* [Task input]:
────────────────────
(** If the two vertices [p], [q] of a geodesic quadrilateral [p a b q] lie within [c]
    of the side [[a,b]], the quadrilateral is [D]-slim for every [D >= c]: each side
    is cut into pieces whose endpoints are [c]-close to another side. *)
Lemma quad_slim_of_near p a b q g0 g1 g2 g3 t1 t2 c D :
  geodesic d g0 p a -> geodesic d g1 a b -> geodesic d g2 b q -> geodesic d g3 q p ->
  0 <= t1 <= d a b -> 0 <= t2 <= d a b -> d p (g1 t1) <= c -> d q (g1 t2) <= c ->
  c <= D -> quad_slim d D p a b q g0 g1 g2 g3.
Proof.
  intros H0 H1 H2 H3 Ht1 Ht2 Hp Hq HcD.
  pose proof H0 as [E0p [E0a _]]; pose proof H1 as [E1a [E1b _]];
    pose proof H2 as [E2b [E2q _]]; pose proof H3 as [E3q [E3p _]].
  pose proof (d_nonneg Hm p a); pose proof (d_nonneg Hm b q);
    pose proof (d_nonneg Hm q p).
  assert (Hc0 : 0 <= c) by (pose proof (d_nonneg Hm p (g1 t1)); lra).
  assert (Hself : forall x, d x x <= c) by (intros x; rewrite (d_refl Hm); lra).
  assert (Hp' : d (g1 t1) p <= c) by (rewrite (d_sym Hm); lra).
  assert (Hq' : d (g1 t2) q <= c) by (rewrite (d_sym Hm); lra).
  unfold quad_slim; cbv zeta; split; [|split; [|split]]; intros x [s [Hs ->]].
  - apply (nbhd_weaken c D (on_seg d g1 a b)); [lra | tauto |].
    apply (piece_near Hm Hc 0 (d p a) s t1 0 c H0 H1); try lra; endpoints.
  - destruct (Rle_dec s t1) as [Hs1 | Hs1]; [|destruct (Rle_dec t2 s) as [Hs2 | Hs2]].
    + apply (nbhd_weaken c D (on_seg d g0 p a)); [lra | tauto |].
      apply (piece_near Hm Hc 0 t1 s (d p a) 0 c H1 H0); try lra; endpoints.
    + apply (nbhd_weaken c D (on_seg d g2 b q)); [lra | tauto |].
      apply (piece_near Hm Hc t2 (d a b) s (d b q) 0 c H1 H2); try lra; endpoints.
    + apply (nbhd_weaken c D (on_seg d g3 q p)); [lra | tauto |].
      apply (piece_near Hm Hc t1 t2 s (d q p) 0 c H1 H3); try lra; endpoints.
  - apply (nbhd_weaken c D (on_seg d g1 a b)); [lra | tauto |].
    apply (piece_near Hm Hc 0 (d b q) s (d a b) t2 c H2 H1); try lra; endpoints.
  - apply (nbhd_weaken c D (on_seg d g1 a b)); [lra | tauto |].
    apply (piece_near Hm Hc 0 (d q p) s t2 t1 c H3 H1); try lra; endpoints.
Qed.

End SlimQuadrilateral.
────────────────────
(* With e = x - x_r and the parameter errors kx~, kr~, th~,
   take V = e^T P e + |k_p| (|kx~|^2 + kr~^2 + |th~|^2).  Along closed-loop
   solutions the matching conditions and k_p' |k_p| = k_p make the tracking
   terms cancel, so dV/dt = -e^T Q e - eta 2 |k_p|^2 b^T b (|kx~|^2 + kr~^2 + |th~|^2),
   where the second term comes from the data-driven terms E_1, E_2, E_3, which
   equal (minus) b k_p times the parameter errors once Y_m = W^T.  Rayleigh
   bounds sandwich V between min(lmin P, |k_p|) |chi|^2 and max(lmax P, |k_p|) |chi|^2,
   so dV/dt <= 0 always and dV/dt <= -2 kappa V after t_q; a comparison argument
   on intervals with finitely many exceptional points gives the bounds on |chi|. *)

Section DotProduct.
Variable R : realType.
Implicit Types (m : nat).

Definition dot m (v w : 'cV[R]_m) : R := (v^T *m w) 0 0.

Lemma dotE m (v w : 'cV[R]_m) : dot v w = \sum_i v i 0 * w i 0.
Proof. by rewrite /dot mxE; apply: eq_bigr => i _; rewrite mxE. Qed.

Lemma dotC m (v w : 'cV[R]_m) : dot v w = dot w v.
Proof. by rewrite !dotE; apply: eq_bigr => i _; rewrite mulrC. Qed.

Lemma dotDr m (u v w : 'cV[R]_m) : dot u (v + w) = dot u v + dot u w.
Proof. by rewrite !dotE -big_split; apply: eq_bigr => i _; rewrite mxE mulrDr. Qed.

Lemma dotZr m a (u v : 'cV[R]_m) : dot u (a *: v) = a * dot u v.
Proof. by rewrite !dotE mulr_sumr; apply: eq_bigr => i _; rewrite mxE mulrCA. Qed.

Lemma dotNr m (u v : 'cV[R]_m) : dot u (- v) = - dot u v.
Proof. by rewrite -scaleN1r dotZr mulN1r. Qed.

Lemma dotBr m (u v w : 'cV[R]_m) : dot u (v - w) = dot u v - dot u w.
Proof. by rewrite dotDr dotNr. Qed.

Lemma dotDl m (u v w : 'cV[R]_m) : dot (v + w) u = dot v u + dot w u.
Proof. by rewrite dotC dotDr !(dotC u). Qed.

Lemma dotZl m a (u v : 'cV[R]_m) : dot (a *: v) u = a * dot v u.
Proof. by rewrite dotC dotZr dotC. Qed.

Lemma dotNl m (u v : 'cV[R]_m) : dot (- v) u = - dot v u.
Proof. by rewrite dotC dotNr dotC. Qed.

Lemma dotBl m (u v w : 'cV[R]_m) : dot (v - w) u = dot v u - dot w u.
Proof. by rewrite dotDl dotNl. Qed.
────────────────────
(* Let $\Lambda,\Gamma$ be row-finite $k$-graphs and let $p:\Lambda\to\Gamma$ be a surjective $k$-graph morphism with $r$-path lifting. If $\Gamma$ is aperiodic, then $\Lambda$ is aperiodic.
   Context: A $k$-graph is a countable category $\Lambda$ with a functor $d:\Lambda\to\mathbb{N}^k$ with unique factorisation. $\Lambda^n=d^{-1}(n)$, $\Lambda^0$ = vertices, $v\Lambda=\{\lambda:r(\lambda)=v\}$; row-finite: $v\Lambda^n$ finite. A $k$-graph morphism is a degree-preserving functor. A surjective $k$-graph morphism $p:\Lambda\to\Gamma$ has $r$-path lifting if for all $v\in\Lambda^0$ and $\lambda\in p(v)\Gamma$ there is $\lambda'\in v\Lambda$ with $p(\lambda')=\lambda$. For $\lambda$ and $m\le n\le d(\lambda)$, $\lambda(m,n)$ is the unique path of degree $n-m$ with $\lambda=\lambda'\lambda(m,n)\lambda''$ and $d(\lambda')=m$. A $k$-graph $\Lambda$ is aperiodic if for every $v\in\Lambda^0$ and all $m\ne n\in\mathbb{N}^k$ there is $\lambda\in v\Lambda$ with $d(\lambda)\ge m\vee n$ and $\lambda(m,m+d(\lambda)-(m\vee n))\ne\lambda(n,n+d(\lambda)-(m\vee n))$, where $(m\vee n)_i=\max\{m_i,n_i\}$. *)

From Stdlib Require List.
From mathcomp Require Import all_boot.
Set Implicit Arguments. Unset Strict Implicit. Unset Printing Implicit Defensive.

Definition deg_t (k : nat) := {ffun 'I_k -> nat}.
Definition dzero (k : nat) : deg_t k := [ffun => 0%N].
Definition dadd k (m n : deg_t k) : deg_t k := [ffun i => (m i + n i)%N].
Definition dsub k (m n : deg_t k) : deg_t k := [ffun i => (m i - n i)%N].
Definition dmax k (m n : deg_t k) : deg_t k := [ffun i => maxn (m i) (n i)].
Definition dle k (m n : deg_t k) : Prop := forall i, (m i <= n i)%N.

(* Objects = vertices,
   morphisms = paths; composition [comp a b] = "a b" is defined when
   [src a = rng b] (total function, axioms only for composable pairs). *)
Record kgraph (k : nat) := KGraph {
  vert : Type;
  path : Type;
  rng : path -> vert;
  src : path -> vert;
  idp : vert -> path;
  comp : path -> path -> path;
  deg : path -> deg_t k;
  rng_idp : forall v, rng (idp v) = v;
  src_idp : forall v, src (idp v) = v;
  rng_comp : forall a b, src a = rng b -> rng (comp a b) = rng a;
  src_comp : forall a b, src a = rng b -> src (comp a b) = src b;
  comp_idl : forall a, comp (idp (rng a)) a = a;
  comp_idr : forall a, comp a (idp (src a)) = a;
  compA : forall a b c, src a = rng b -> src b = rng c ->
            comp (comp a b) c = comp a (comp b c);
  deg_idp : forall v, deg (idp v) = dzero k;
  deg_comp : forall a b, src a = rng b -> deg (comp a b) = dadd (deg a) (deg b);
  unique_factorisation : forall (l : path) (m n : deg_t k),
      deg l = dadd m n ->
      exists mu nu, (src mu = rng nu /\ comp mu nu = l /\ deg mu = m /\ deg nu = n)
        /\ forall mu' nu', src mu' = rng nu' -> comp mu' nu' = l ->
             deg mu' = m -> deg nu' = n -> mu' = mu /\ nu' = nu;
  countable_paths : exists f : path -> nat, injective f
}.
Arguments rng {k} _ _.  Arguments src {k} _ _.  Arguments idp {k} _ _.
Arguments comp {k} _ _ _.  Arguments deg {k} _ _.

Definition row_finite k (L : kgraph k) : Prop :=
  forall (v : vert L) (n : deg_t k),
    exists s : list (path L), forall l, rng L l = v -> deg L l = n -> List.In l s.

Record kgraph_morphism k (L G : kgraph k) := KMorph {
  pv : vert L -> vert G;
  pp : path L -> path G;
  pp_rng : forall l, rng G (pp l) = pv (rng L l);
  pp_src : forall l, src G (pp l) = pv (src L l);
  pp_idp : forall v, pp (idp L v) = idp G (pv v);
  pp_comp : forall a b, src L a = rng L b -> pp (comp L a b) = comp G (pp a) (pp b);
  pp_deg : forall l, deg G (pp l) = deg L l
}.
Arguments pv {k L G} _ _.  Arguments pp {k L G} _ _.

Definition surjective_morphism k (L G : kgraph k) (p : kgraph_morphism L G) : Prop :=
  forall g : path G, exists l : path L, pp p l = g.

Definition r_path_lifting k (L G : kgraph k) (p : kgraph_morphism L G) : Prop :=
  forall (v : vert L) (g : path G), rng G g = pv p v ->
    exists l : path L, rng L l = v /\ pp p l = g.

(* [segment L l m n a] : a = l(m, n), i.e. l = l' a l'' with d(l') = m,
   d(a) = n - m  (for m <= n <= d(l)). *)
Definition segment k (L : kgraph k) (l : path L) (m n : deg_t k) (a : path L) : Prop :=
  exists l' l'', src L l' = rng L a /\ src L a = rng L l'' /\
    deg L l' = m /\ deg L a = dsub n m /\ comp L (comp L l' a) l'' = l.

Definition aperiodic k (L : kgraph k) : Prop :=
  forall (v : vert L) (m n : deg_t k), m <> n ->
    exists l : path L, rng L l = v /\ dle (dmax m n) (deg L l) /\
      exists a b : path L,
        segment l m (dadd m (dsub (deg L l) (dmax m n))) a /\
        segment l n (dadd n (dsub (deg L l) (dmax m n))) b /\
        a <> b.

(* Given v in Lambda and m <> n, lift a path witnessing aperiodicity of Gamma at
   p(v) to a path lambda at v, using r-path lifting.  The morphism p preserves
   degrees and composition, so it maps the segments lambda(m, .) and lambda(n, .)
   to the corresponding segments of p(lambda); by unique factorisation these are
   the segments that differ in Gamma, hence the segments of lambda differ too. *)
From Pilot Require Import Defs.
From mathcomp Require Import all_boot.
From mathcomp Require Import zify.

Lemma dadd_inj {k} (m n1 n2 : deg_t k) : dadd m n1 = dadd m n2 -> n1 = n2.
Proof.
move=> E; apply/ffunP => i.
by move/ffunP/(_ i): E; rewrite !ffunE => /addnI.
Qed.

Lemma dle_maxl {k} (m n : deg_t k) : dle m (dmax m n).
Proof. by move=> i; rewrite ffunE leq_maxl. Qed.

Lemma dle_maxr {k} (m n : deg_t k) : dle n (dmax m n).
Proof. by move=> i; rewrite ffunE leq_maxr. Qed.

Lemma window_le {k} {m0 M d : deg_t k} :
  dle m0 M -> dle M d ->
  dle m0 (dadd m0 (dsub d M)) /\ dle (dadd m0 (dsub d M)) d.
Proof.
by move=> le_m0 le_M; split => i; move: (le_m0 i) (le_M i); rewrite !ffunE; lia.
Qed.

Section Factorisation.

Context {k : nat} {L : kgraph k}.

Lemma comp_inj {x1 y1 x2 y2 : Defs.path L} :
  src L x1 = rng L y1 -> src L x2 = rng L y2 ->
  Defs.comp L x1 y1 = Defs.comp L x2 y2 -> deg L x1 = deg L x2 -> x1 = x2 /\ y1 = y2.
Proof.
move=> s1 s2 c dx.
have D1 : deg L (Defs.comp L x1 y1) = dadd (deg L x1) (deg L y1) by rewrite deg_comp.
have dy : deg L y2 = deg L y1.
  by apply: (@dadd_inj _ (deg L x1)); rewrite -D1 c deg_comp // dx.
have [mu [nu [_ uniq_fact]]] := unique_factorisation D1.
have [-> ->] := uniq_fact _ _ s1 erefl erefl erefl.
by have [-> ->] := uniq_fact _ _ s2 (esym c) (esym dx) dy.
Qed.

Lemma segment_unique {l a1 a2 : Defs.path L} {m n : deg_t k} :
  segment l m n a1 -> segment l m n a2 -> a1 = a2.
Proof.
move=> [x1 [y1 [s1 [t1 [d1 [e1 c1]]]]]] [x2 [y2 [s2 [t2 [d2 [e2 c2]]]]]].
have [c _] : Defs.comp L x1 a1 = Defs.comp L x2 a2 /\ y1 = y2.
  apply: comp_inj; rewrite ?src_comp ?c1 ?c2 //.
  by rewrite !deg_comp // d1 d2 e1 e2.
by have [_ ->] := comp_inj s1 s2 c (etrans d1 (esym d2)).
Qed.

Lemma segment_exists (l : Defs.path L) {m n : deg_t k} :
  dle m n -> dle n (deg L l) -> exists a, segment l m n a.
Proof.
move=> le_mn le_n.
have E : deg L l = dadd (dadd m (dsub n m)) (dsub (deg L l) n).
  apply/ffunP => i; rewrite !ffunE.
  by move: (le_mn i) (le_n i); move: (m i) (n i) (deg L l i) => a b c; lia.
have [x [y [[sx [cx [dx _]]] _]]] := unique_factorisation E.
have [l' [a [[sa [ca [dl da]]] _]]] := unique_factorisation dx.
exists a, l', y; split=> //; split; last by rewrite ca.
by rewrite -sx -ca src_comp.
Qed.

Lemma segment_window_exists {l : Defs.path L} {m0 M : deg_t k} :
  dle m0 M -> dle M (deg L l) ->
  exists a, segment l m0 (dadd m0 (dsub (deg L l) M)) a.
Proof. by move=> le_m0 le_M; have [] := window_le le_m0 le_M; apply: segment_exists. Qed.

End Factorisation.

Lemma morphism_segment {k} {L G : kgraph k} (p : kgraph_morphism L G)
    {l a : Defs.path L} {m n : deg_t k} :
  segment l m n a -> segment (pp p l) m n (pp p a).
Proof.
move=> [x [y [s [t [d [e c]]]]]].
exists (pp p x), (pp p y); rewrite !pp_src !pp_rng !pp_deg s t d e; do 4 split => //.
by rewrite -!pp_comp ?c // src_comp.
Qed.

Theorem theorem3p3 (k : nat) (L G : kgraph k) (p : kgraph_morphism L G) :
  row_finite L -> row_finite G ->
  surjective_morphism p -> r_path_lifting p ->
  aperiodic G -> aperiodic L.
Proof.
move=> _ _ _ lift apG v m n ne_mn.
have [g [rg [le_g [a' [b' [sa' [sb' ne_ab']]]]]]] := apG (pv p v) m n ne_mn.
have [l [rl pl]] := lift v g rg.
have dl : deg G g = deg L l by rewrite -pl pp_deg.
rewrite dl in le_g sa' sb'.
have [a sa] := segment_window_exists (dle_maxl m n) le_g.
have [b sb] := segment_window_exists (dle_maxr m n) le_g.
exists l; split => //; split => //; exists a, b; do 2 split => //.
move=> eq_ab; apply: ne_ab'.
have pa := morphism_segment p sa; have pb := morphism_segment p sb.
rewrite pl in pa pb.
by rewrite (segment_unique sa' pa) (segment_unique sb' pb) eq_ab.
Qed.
────────────────────
Scan the lines above for "deg mu' = m" and for "pp_deg : forall l, deg G (pp l) = deg L l". Repeat exactly the line holding each of them and every line in between.

             deg mu' = m -> deg nu' = n -> mu' = mu /\ nu' = nu;
  countable_paths : exists f : path -> nat, injective f
}.
Arguments rng {k} _ _.  Arguments src {k} _ _.  Arguments idp {k} _ _.
Arguments comp {k} _ _ _.  Arguments deg {k} _ _.

Definition row_finite k (L : kgraph k) : Prop :=
  forall (v : vert L) (n : deg_t k),
    exists s : list (path L), forall l, rng L l = v -> deg L l = n -> List.In l s.

Record kgraph_morphism k (L G : kgraph k) := KMorph {
  pv : vert L -> vert G;
  pp : path L -> path G;
  pp_rng : forall l, rng G (pp l) = pv (rng L l);
  pp_src : forall l, src G (pp l) = pv (src L l);
  pp_idp : forall v, pp (idp L v) = idp G (pv v);
  pp_comp : forall a b, src L a = rng L b -> pp (comp L a b) = comp G (pp a) (pp b);
  pp_deg : forall l, deg G (pp l) = deg L l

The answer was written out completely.